For those who have access to raw milk. See the instructions for making clabber here:
http://cheeseforum.org/forum/index.php/topic,1927.0.htmlI've been using clabber to culture my cream cheese and finally had a batch turn out to be just what I wanted, flavor-wise, so I froze a quarter cup of it to use as culture for a future batch.
Wanting to make clabber-cultured cheese, but not having any clabber (too cold in the house for it to get going on it's own), I used that cream cheese culture to clabber a quart of milk. I kept the milk on top of the fridge to keep it warm enough to clabber within 3-4 days.

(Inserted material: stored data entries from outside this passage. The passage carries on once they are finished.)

(* Let $k\ge 2$, let $d:\chi^2\to[0,\infty)$ be a metric on a set $\chi$, and define $d_{\mathrm{HC}}:\chi^k\to[0,\infty)$ by $$d_{\mathrm{HC}}(p_1,\ldots,p_k)=\min_{\pi}\sum_{i=1}^{k} d\big(p_{\pi(i)},p_{\pi(i+1)}\big),$$ where the minimum is over all permutations $\pi$ of $\{1,\ldots,k\}$ and $\pi(k+1):=\pi(1)$ (i.e. the minimum cost of a Hamiltonian circuit through $p_1,\ldots,p_k$). Then $d_{\mathrm{HC}}$ is an $H$-metric with parameter $\gamma=1$.
   Context: For a multiset $S$ of elements of $\chi$, $elem(S)$ denotes the set of distinct elements of $S$. An $H$-metric with parameter $\gamma$ (where $\gamma$ is an integer with $1\le\gamma\le k-1$) is a function $d_H:\chi^k\to[0,\infty)$ satisfying: ($\Pi$) $d_H(p_1,\ldots,p_k)$ is invariant under permuting its arguments; ($O_D$) $d_H(p_1,\ldots,p_k)\ge 0$, with equality if and only if $p_1=\cdots=p_k$; ($\Delta_H$) for all $p_1,\ldots,p_k,a\in\chi$ and all $i\in\{1,\ldots,k\}$, $d_H(p_1,\ldots,p_k)\le d_H(p_1,\ldots,p_i,a,\ldots,a)+d_H(a,\ldots,a,p_{i+1},\ldots,p_k)$, where $a$ appears $k-i$ times in the first term and $i$ times in the second; ($\mathcal S_H$) for all $p_1,\ldots,p_k,p'_1,\ldots,p'_k\in\chi$: if $elem(\{p_1,\ldots,p_k\})\subsetneq elem(\{p'_1,\ldots,p'_k\})$ then $d_H(p_1,\ldots,p_k)\le d_H(p'_1,\ldots,p'_k)$, and if $elem(\{p_1,\ldots,p_k\})= elem(\{p'_1,\ldots,p'_k\})$ then $d_H(p_1,\ldots,p_k)\le \gamma\, d_H(p'_1,\ldots,p'_k)$. *)

From HB Require Import structures.
From mathcomp Require Import all_boot all_order all_algebra all_fingroup.
Set Implicit Arguments. Unset Strict Implicit. Unset Printing Implicit Defensive.
Import Order.TTheory GRing.Theory Num.Theory.
Local Open Scope ring_scope.

Definition is_metric (R : realFieldType) (chi : Type) (d : chi -> chi -> R) : Prop :=
  (forall x y, 0 <= d x y) /\
  (forall x y, d x y = 0 <-> x = y) /\
  (forall x y, d x y = d y x) /\
  (forall x y z, d x z <= d x y + d y z).

Definition elem (chi : Type) (k : nat) (p : 'I_k -> chi) : chi -> Prop :=
  fun x => exists i, p i = x.

Definition is_Hmetric (R : realFieldType) (chi : Type) (k gamma : nat)
    (dH : ('I_k -> chi) -> R) : Prop :=
  [/\ (1 <= gamma <= k.-1)%N,
      (forall (p : 'I_k -> chi) (s : 'S_k), dH (fun j => p (s j)) = dH p),
      (forall p : 'I_k -> chi, 0 <= dH p /\
          (dH p = 0 <-> forall i j : 'I_k, p i = p j)),
      (forall (p : 'I_k -> chi) (a : chi) (i : nat), (1 <= i <= k)%N ->
          dH p <= dH (fun j : 'I_k => if (j < i)%N then p j else a)
                  + dH (fun j : 'I_k => if (j < i)%N then a else p j)) &
      (forall p p' : 'I_k -> chi,
          ((forall x, elem p x -> elem p' x) /\ (exists x, elem p' x /\ ~ elem p x)
             -> dH p <= dH p') /\
          ((forall x, elem p x <-> elem p' x) -> dH p <= gamma%:R * dH p'))].

Definition hc_cost (R : realFieldType) (chi : Type) (d : chi -> chi -> R) (k : nat)
    (p : 'I_k -> chi) (s : 'S_k) : R :=
  \sum_(i < k) d (p (s i)) (p (s (ordS i))).

(* d_HC: minimum over all permutations (the seed hc_cost 1 is itself one of the terms). *)
Definition d_HC (R : realFieldType) (chi : Type) (d : chi -> chi -> R) (k : nat)
    (p : 'I_k -> chi) : R :=
  \big[Num.min/hc_cost d p 1%g]_(s : 'S_k) hc_cost d p s.

From HB Require Import structures.
From mathcomp Require Import all_boot all_order all_algebra all_fingroup.
From mathcomp Require Import zify lra.
Import Order.TTheory GRing.Theory Num.Theory.
Set Implicit Arguments. Unset Strict Implicit.
Local Open Scope ring_scope.

(* Every closed walk visiting all the points p_i costs at least d_HC(p): taking the
   points in the order in which the walk visits them gives a Hamiltonian circuit,
   and by the triangle inequality each of its edges is no longer than the piece of walk
   it shortcuts.  Optimal circuits are closed walks through any of their points, so
   d_HC is monotone in elem(p), which gives (Pi) and (S_H) with gamma = 1, and for
   (Delta_H) the two optimal circuits of the right-hand side, both rooted at a, are
   glued into one closed walk through every p_i. *)

Section Walks.
Variables (R : realFieldType) (chi : Type) (d : chi -> chi -> R).

Definition walk_cost (f : nat -> chi) (a b : nat) : R :=
  \sum_(a <= n < b) d (f n) (f n.+1).

Lemma walk_cost_cat f a b c : (a <= b)%N -> (b <= c)%N ->
  walk_cost f a c = walk_cost f a b + walk_cost f b c.
Proof. by move=> ab bc; rewrite /walk_cost (big_cat_nat ab bc). Qed.

Lemma walk_cost1 f a : walk_cost f a a.+1 = d (f a) (f a.+1).
Proof. by rewrite /walk_cost big_nat1. Qed.

Lemma walk_cost_shift f r a b :
  walk_cost (fun n => f (n + r)%N) a b = walk_cost f (a + r) (b + r).
Proof.
rewrite /walk_cost big_addn addnK.
by apply: eq_bigr => n _; rewrite addSn.
Qed.

Lemma walk_cost_periodic f K r : (forall n, f (n + K)%N = f n) ->
  walk_cost f r (r + K) = walk_cost f 0 K.
Proof.
move=> fK; elim: r => [//|r IH].
have split_first := walk_cost_cat f (leqnSn r) (leq_addr K r.+1).
have split_last := walk_cost_cat f (leq_addr K r) (leqnSn (r + K)).
rewrite addSn in split_first; rewrite -IH.
move: split_first split_last; rewrite !walk_cost1 fK -addSn fK addSn; lra.
Qed.

Hypothesis d_metric : is_metric d.

Lemma walk_cost_ge0 f a b : 0 <= walk_cost f a b.
Proof. by case: d_metric => d_ge0 _; apply: sumr_ge0 => n _; apply: d_ge0. Qed.

Lemma dist_le_walk_cost f a b : (a <= b)%N -> d (f a) (f b) <= walk_cost f a b.
Proof.
case: d_metric => _ [d_eq0 [_ d_tri]].
have d_refl x : d x x = 0 by apply/d_eq0.
elim: b => [|b IH].
  by rewrite leqn0 => /eqP->; rewrite /walk_cost big_geq // d_refl.
rewrite leq_eqVlt ltnS => /orP[/eqP->|ab].
  by rewrite /walk_cost big_geq // d_refl.
rewrite (walk_cost_cat f ab (leqnSn b)) walk_cost1.
exact: le_trans (d_tri _ (f b) _) (lerD (IH ab) (lexx _)).
Qed.

Lemma walk_cost_subwalk f (a : nat -> nat) n : {homo a : i j / (i <= j)%N} ->
  walk_cost (fun j => f (a j)) 0 n <= walk_cost f (a 0%N) (a n).
Proof.
move=> a_mono; elim: n => [|n IH]; first by rewrite /walk_cost !big_geq.
rewrite (walk_cost_cat _ (leq0n n) (leqnSn n)) walk_cost1.
rewrite (walk_cost_cat f (a_mono _ _ (leq0n n)) (a_mono _ _ (leqnSn n))).
by apply: lerD => //; apply: dist_le_walk_cost; apply: a_mono.
Qed.

(* The closing edge from h l back to h 0 is bounded by the two end pieces of f. *)
Lemma walk_cost_closed_subwalk f h (a : nat -> nat) m l :
  f m = f 0%N -> {homo a : i j / (i <= j)%N} -> (a l <= m)%N ->
  (forall j, (j <= l)%N -> h j = f (a j)) -> h l.+1 = h 0%N ->
  walk_cost h 0 l.+1 <= walk_cost f 0 m.
Proof.
move=> f_closed a_mono al_m h_a h_closed.
have a0_l := a_mono _ _ (leq0n l).
have [_ [_ [_ d_tri]]] := d_metric.
have body : walk_cost h 0 l = walk_cost (fun j => f (a j)) 0 l.
  by apply: eq_big_nat => j /andP[_ jl]; rewrite !h_a // ltnW.
rewrite (walk_cost_cat h (leq0n l) (leqnSn l)) walk_cost1 body h_closed !h_a //.
rewrite (walk_cost_cat f (leq0n _) (leq_trans a0_l al_m)).
rewrite (walk_cost_cat f a0_l al_m) addrCA.
apply: lerD; first exact: walk_cost_subwalk.
apply: le_trans (d_tri _ (f m) _) _.
rewrite addrC; apply: lerD; first exact: dist_le_walk_cost al_m.
by rewrite f_closed; apply: dist_le_walk_cost.
Qed.

End Walks.

Definition visits (chi : Type) (k : nat) (f : nat -> chi) (m : nat) (p : 'I_k -> chi) :=
  forall i, exists2 n, (n <= m)%N & f n = p i.

Lemma visits_sub (chi : Type) (k l : nat) (f : nat -> chi) m (p : 'I_k -> chi)
    (q : 'I_l -> chi) :
  (forall x, elem p x -> elem q x) -> visits f m q -> visits f m p.
Proof. by move=> pq f_q i; have [j <-] := pq _ (ex_intro _ i erefl); apply: f_q. Qed.

(* s sorts the points by a chosen visit time t, and a j := t (s j) is frozen after
   j = k so that it is monotone on all of nat. *)
Lemma visits_in_order (chi : Type) (k : nat) (f : nat -> chi) m
    (p : 'I_k.+1 -> chi) : visits f m p ->
  exists s : 'S_k.+1, exists a : nat -> nat,
    [/\ {homo a : i j / (i <= j)%N}, (a k <= m)%N &
        forall j : 'I_k.+1, f (a j) = p (s j)].
Proof.
move=> f_p; have [t t_visit] : exists t : 'I_k.+1 -> nat,
    forall i, (t i <= m)%N /\ f (t i) = p i.
  apply: (@fin_all_exists _ (fun=> nat) (fun i n => (n <= m)%N /\ f n = p i)) => i.
  by have [n] := f_p i; exists n.
pose by_time := [rel i j : 'I_k.+1 | (t i <= t j)%N].
pose order := sort by_time (enum 'I_k.+1).
have order_perm : perm_eq order (enum 'I_k.+1) by rewrite perm_sort.
have order_size : size order = k.+1 by rewrite (perm_size order_perm) size_enum_ord.
have order_sorted : sorted by_time order.
  by apply: sort_sorted => i j; apply: leq_total.
have nth_inj : injective (fun j : 'I_k.+1 => nth ord0 order j).
  move=> i j /eqP; rewrite nth_uniq ?order_size ?(perm_uniq order_perm) ?enum_uniq //.
  by move=> /eqP; apply: val_inj.
pose s := perm nth_inj; pose a j := t (s (inord (minn j k))).
exists s, a; split.
- apply: homo_leq => [//|j i l|j]; first exact: leq_trans.
  rewrite /a !permE /= !inordK; try lia.
  apply: (sorted_leq_nth _ _ ord0 order_sorted); rewrite ?inE ?order_size //=; try lia.
  + by move=> i l n /=; apply: leq_trans.
  + by move=> i /=.
- exact: (proj1 (t_visit _)).
- move=> j; rewrite /a (proj2 (t_visit _)); congr (p (s _)).
  by apply: val_inj; have := ltn_ord j; rewrite /= inordK; lia.
Qed.

Section Tours.
Variables (R : realFieldType) (chi : Type) (d : chi -> chi -> R) (k : nat).
Implicit Types (p q : 'I_k.+1 -> chi) (s : 'S_k.+1).

Definition tour p s (n : nat) : chi := p (s (inord (n %% k.+1))).

Lemma tour_ord p s (j : 'I_k.+1) : tour p s j = p (s j).
Proof. by rewrite /tour modn_small // inord_val. Qed.

Lemma tour_periodic p s n : tour p s (n + k.+1) = tour p s n.
Proof. by rewrite /tour modnDr. Qed.

Lemma hc_cost_tour p s : hc_cost d p s = walk_cost d (tour p s) 0 k.+1.
Proof.
rewrite /hc_cost /walk_cost big_mkord; apply: eq_bigr => i _.
rewrite tour_ord /tour; congr (d _ (p (s _))).
by apply: val_inj; rewrite /= inordK // ltn_pmod.
Qed.

Lemma d_HC_le_hc_cost p s : d_HC d p <= hc_cost d p s.
Proof. by rewrite /d_HC (bigD1 s) //= ge_min lexx. Qed.

Lemma d_HC_attained p : exists s, d_HC d p = hc_cost d p s.
Proof.
apply: (big_ind (fun x => exists s, x = hc_cost d p s)) => [|x y [s ->] [t ->]|s _].
- by exists 1%g.
- by case: (lerP (hc_cost d p s) (hc_cost d p t)); [exists s | exists t].
- by exists s.
Qed.

Lemma optimal_closed_walk p (i0 : 'I_k.+1) : exists f : nat -> chi,
  [/\ f 0%N = p i0, f k.+1 = f 0%N, visits f k.+1 p & walk_cost d f 0 k.+1 = d_HC d p].
Proof.
have [s ->] := d_HC_attained p; pose r := (s^-1 i0)%g.
exists (fun n => tour p s (n + r)); split.
- by rewrite add0n tour_ord permKV.
- by rewrite addnC tour_periodic.
- move=> i; pose j := (s^-1 i)%g; have j_lt := ltn_ord j.
  have [r_j | j_r] := leqP r j.
    by exists (j - r)%N; [lia | rewrite subnK // tour_ord permKV].
  exists (j + k.+1 - r)%N; first lia.
  rewrite subnK ?tour_periodic ?tour_ord ?permKV //.
  exact: leq_trans (ltnW (ltn_ord r)) (leq_addl _ _).
- rewrite walk_cost_shift add0n addnC hc_cost_tour.
  exact/walk_cost_periodic/tour_periodic.
Qed.

Hypothesis d_metric : is_metric d.

Lemma d_HC_le_closed_walk p (f : nat -> chi) m :
  f m = f 0%N -> visits f m p -> d_HC d p <= walk_cost d f 0 m.
Proof.
move=> f_closed /visits_in_order [s [a [a_mono ak_m f_a]]].
apply: le_trans (d_HC_le_hc_cost p s) _; rewrite hc_cost_tour.
apply: (walk_cost_closed_subwalk d_metric f_closed a_mono ak_m).
- move=> j jk; have -> : j = Ordinal (jk : (j < k.+1)%N) by [].
  by rewrite tour_ord f_a.
- by rewrite -[k.+1]add0n tour_periodic.
Qed.

Lemma d_HC_ge0 p : 0 <= d_HC d p.
Proof. by have [s ->] := d_HC_attained p; rewrite hc_cost_tour walk_cost_ge0. Qed.

Lemma d_HC_mono p q : (forall x, elem p x -> elem q x) -> d_HC d p <= d_HC d q.
Proof.
move=> pq; have [f [_ f_closed f_q <-]] := optimal_closed_walk q ord0.
exact: d_HC_le_closed_walk f_closed (visits_sub pq f_q).
Qed.

Lemma d_HC_eq0 p : d_HC d p = 0 <-> forall i j, p i = p j.
Proof.
have [d_ge0 [d_eq0 _]] := d_metric; split => [p0 | p_const].
  have [f [_ _ f_p]] := optimal_closed_walk p ord0; rewrite p0 => f0.
  have f_const n : (n <= k.+1)%N -> f n = f 0%N.
    move=> nk; apply/esym/d_eq0/le_anti; rewrite d_ge0 andbT -f0.
    rewrite (walk_cost_cat d _ (leq0n n) nk) -[X in X <= _]addr0.
    exact: lerD (dist_le_walk_cost d_metric f (leq0n n)) (walk_cost_ge0 d_metric _ _ _).
  move=> i j; have [n nk <-] := f_p i; have [n' n'k <-] := f_p j.
  by rewrite !f_const.
apply/le_anti; rewrite d_HC_ge0 andbT; apply: le_trans (d_HC_le_hc_cost p 1%g) _.
by rewrite /hc_cost big1 // => i _; apply/d_eq0.
Qed.

(* Glue optimal circuits of p1 and p2, both rooted at the common point x. *)
Lemma d_HC_le_add p p1 p2 (x : chi) :
  elem p1 x -> elem p2 x -> (forall y, elem p y -> elem p1 y \/ elem p2 y) ->
  d_HC d p <= d_HC d p1 + d_HC d p2.
Proof.
move=> [i1 x1] [i2 x2] p_12.
have [f1 [f10 f1K f1_p1 <-]] := optimal_closed_walk p1 i1.
have [f2 [f20 f2K f2_p2 <-]] := optimal_closed_walk p2 i2.
pose f n := if (n <= k.+1)%N then f1 n else f2 (n - k.+1)%N.
have f_left n : (n <= k.+1)%N -> f n = f1 n by rewrite /f => ->.
have f_right n : (n <= k.+1)%N -> f (n + k.+1)%N = f2 n.
  case: n => [|n] nk; first by rewrite f_left // f1K f10 f20 x1 x2.
  by rewrite /f ifN ?addnK //; lia.
have cost : walk_cost d f 0 (k.+1 + k.+1) = walk_cost d f1 0 k.+1 + walk_cost d f2 0 k.+1.
  rewrite (walk_cost_cat d _ (leq0n _) (leq_addr _ _)); congr (_ + _).
    by apply: eq_big_nat => n /andP[_ nk]; rewrite !f_left // ltnW.
  rewrite -[in LHS](add0n k.+1) -walk_cost_shift.
  by apply: eq_big_nat => n /andP[_ nk]; rewrite !f_right // ltnW.
rewrite -cost; apply: d_HC_le_closed_walk.
  by rewrite f_right // f_left // f2K f20 f10 x1 x2.
move=> i; case: (p_12 _ (ex_intro _ i erefl)) => [[j <-] | [j <-]].
  by have [n nk <-] := f1_p1 j; exists n; [lia | rewrite f_left].
by have [n nk <-] := f2_p2 j; exists (n + k.+1)%N; [lia | rewrite f_right].
Qed.

End Tours.

Theorem proposition2 (R : realFieldType) (chi : Type) (k : nat)
    (d : chi -> chi -> R) :
  (2 <= k)%N -> is_metric d -> is_Hmetric 1%N (d_HC d (k:=k)).
Proof.
case: k => [//|k] k_ge2 d_metric.
have mono := d_HC_mono d_metric.
split.
- by apply/andP; split => //=; lia.
- move=> p s; apply/le_anti/andP; split; apply: mono => _ [i <-].
    by exists (s i).
  by exists (s^-1 i)%g; rewrite permKV.
- by move=> p; split; [exact: d_HC_ge0 | exact: d_HC_eq0].
- move=> p a i /andP[i_gt0 i_le]; case: (ltnP i k.+1) => [i_lt | i_ge].
    apply: (d_HC_le_add d_metric (x := a)).
    + by exists ord_max; rewrite /= ltnNge -ltnS i_lt.
    + by exists ord0; rewrite /= i_gt0.
    + move=> _ [j <-]; case: (ltnP j i) => ji; [left | right]; exists j.
        by rewrite ji.
      by rewrite ltnNge ji.
  rewrite -[d_HC d p]addr0; apply: lerD; last exact: d_HC_ge0.
  by apply: mono => _ [j <-]; exists j; rewrite (leq_trans (ltn_ord j) i_ge).
- move=> p p'; split; first by case=> sub _; apply: mono.
  by move=> same; rewrite mul1r; apply: mono => x /same.
Qed.
(* Let $K\ge 2$, and let $\mathbf{z}_r$ and $\mathrm{OPT}\text{-}\mathbf{Q}^\star$ be as defined in the context. Let $\lambda_j^\star$ be the $j$-th eigenvalue of $\mathbf{Q}^\star$, with $\lambda_j^\star=0$ if $j>r^\star$, and define $\delta^\star=\min\{\min_{j\in[r-1]}|\lambda_j^\star-\lambda_{j+1}^\star|,\ \lambda_r^\star\}$. If $r\le r^\star$ and $\|\mathbf{H}\|_2\le\delta^\star/2$, then $$\left|\mathrm{OPT}\text{-}\mathbf{Q}^\star-\mathbf{z}_r^\dagger\mathbf{Q}^\star\mathbf{z}_r\right|\le O\!\left(n\left(\lambda_{r+1}^\star+\frac{\lambda_1^\star}{\delta^\star}\|\mathbf{H}\|_2\right)\right).$$
   Context: $\mathcal{A}_K=\{\exp(2\pi\mathrm{i}k/K):k=0,\dots,K-1\}$. $\mathbf{Q}^\star\in\mathbb{C}^{n\times n}$ is Hermitian positive semi-definite of rank $r^\star$, with eigendecomposition $\mathbf{Q}^\star=\sum_{i=1}^{r^\star}\lambda_i^\star\mathbf{u}_i^\star\mathbf{u}_i^{\star\dagger}$, $\lambda_1^\star\ge\lambda_2^\star\ge\dots$. $\mathbf{H}\in\mathbb{C}^{n\times n}$ is an arbitrary (not necessarily Hermitian) matrix and $\mathbf{Q}=\mathbf{Q}^\star+\mathbf{H}$. $\mathbf{Q}_r=\mathbf{V}_r\boldsymbol{\Sigma}_r\mathbf{V}_r^\dagger$, where $\boldsymbol{\Sigma}_r$ is the diagonal matrix of the top-$r$ singular values of $\mathbf{Q}$ and $\mathbf{V}_r$ the matrix of the corresponding top-$r$ left singular vectors. $\mathrm{OPT}\text{-}\mathbf{Q}^\star=\max_{\mathbf{z}\in\mathcal{A}_K^n}\mathbf{z}^\dagger\mathbf{Q}^\star\mathbf{z}$ and $\mathbf{z}_r$ attains $\max_{\mathbf{z}\in\mathcal{A}_K^n}\mathbf{z}^\dagger\mathbf{Q}_r\mathbf{z}$. $\|\cdot\|_2$ is the spectral norm; $O(\cdot)$ hides an absolute constant. *)

From HB Require Import structures.
From mathcomp Require Import all_boot all_order all_algebra.
From mathcomp Require Import all_classical all_reals all_analysis.
From mathcomp Require Import complex.
Set Implicit Arguments. Unset Strict Implicit. Unset Printing Implicit Defensive.
Import Order.TTheory GRing.Theory Num.Theory.
Local Open Scope ring_scope.
Local Open Scope classical_set_scope.

Section Defs.
Variable R : realType.

Definition adj (m n : nat) (A : 'M[R[i]]_(m, n)) : 'M[R[i]]_(n, m) :=
  (map_mx (@Num.conj R[i]) A)^T.

Definition vnorm (n : nat) (x : 'cV[R[i]]_n) : R :=
  Num.sqrt (\sum_(i < n) (complex.Re (x i 0) ^+ 2 + complex.Im (x i 0) ^+ 2)).

Definition specnorm (n : nat) (A : 'M[R[i]]_n) : R :=
  sup [set vnorm (A *m x) | x in [set x : 'cV[R[i]]_n | vnorm x = 1]].

Definition expi (t : R) : R[i] := Complex (cos t) (sin t).

Definition A_K (K : nat) : set R[i] :=
  [set expi (2 * pi * k%:R / K%:R) | k in [set k : nat | (k < K)%N]].

Definition inAKn (K n : nat) (z : 'cV[R[i]]_n) : Prop := forall i, A_K K (z i 0).

Definition qform (n : nat) (A : 'M[R[i]]_n) (z : 'cV[R[i]]_n) : R[i] :=
  (adj z *m A *m z) 0 0.

(* delta* = min( min_{j in [r-1]} |lam_j - lam_{j+1}|, lam_r )  (1-indexed lam) *)
Definition delta (lam : nat -> R) (r : nat) : R :=
  foldr Num.min (lam r) [seq `|lam j - lam j.+1| | j <- iota 1 (r - 1)].

End Defs.

From HB Require Import structures.
From mathcomp Require Import all_boot all_order all_algebra.
From mathcomp Require Import all_classical all_reals all_analysis.
From mathcomp Require Import complex.
From mathcomp Require Import ring lra zify.
Import Order.TTheory GRing.Theory Num.Theory.
Local Open Scope ring_scope.

Set Implicit Arguments. Unset Strict Implicit. Unset Printing Implicit Defensive.

(* Write [Qs + H = sum_i sig_i v_i w_i^*].  For unimodular [z] the quadratic forms of
   [Qs] and of the surrogate [Qr] differ by at most [n (lam_{r+1} + O(lam_1 |H| / delta))],
   and maximizing a surrogate that is uniformly [b]-close loses at most [2 b].
   The error [Qs - Qr] splits into [-H], a truncation term [sum_{i>r} sig_i v_i w_i^*],
   bounded by Weyl's inequality [sig_{r+1} <= lam_{r+1} + |H|], and a rotation term
   [sum_{i<=r} sig_i v_i (w_i - v_i)^*].  As [Qs] is Hermitian, the gaps [d_i = w_i - v_i]
   solve the Sylvester equation [Qs D + D Sigma_r = H^* V_r - H W_r]; since [Qs >= 0] and
   [Sigma_r >= sig_r >= lam_r / 2] (Weyl again), [|D| <= 2 |H| / sig_r].  That bound
   comes from the contraction [D = (I - a Qs) D (I - a Sigma_r) + O(a)] as [a -> 0]. *)

Notation oneto m := (index_iota 1 m.+1).

Lemma oneto_subset m p : (m <= p)%N -> {subset oneto m <= oneto p}.
Proof. by move=> mp i; rewrite !mem_index_iota => /andP[-> /leq_trans->]. Qed.

Section RealFacts.
Variable R : realType.

Lemma ler_of_sqr (a b : R) : 0 <= b -> a ^+ 2 <= b ^+ 2 -> a <= b.
Proof. by move=> b0 ab; case: (lerP a b) => // ba; nra. Qed.

Lemma ler_of_small_param (x y z a0 : R) : 0 < a0 ->
  (forall a, 0 < a -> a <= a0 -> x <= y + a * z) -> x <= y.
Proof.
move=> a00 hx; apply/ler_addgt0Pr => e e0.
have z1 : 0 < `|z| + 1 by rewrite ltr_pwDr ?normr_ge0.
pose a := Num.min a0 (e / (`|z| + 1)).
have a0' : 0 < a by rewrite lt_min a00 divr_gt0.
apply: le_trans (hx a a0' _) _; first by rewrite ge_min lexx.
rewrite lerD2l.
have aez : a * (`|z| + 1) <= e by rewrite -ler_pdivlMr // ge_min lexx orbT.
have := ler_norm z; have := normr_ge0 z; nra.
Qed.

(* The best constant [M] in [f <= M g] satisfies [M <= rho M + k]. *)
Lemma contraction_le (T : Type) (f g : T -> R) (phi : T -> T) (c rho k : R) :
  (forall y, 0 <= f y) -> (forall y, 0 <= g y) -> (forall y, f y <= c * g y) ->
  0 <= rho < 1 -> 0 <= k ->
  (forall y, g (phi y) <= rho * g y) ->
  (forall y, f y <= f (phi y) + k * g y) ->
  forall y, f y <= k / (1 - rho) * g y.
Proof.
move=> f0 g0 fc /andP[rho0 rho1] k0 gphi fphi y0.
pose S := range (fun y => f y / g y); pose M := sup S.
have ubS : ubound S (Num.max c 0).
  move=> _ [y _ <-]; have [gy0|gy0] := eqVneq (g y) 0.
    by rewrite gy0 invr0 mulr0 le_max lexx orbT.
  rewrite ler_pdivrMr ?lt0r ?gy0 ?g0 //; apply: le_trans (fc y) _.
  by apply: ler_wpM2r => //; rewrite le_max lexx.
have fM y : f y <= M * g y.
  have [gy0|gy0] := eqVneq (g y) 0; first by have := fc y; rewrite gy0 !mulr0.
  rewrite -ler_pdivrMr ?lt0r ?gy0 ?g0 //.
  by apply: ub_le_sup; [exists (Num.max c 0) | exists y].
have M0 : 0 <= M.
  apply: le_trans (divr_ge0 (f0 y0) (g0 y0)) _.
  by apply: ub_le_sup; [exists (Num.max c 0) | exists y0].
have fMk y : f y <= (M * rho + k) * g y.
  apply: le_trans (fphi y) _; rewrite mulrDl lerD2r -mulrA.
  by apply: le_trans (fM _) _; apply: ler_wpM2l.
have MMk : M <= M * rho + k.
  apply: ge_sup; first by exists (f y0 / g y0), y0.
  move=> _ [y _ <-]; have [gy0|gy0] := eqVneq (g y) 0.
    by rewrite gy0 invr0 mulr0 addr_ge0 ?mulr_ge0.
  by rewrite ler_pdivrMr ?fMk // lt0r gy0 g0.
apply: le_trans (fM y0) _; apply: ler_wpM2r => //.
by rewrite ler_pdivlMr ?subr_gt0 //; lra.
Qed.

End RealFacts.

(** * Complex column vectors *)

Section ComplexScalars.
Variable R : realType.
Implicit Types (a : R) (c d : R[i]).

Definition sqnormc c : R := complex.Re c ^+ 2 + complex.Im c ^+ 2.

I used half of the clabber to culture 5 gallons of milk and froze the other half in an ice cube tray for future culture.
I used whole milk for my cheese, which is a fake parmesan that I make by holding the cultured milk at about 70 degrees until it comes to a clean break, then cooking the curd. Long story short, I tasted the cream that had risen to the top by the next morning and found that it had a wonderful sour cream flavor. I skimmed it off, but it was thinner than I wanted, so I put the container on top of the fridge with a cloth over it. In two more days it was a bit thicker than pancake batter, so I put it into containers. I froze some of it and have kept some out for fresh use.
This is incredibly thick, almost like the spreadable cream cheese from the store, yet very smooth and rich. It tastes somewhere between sour cream, butter, and cream cheese, with the best qualities of all three.
I plan on trying to duplicate the results using some of the frozen culture with cream only.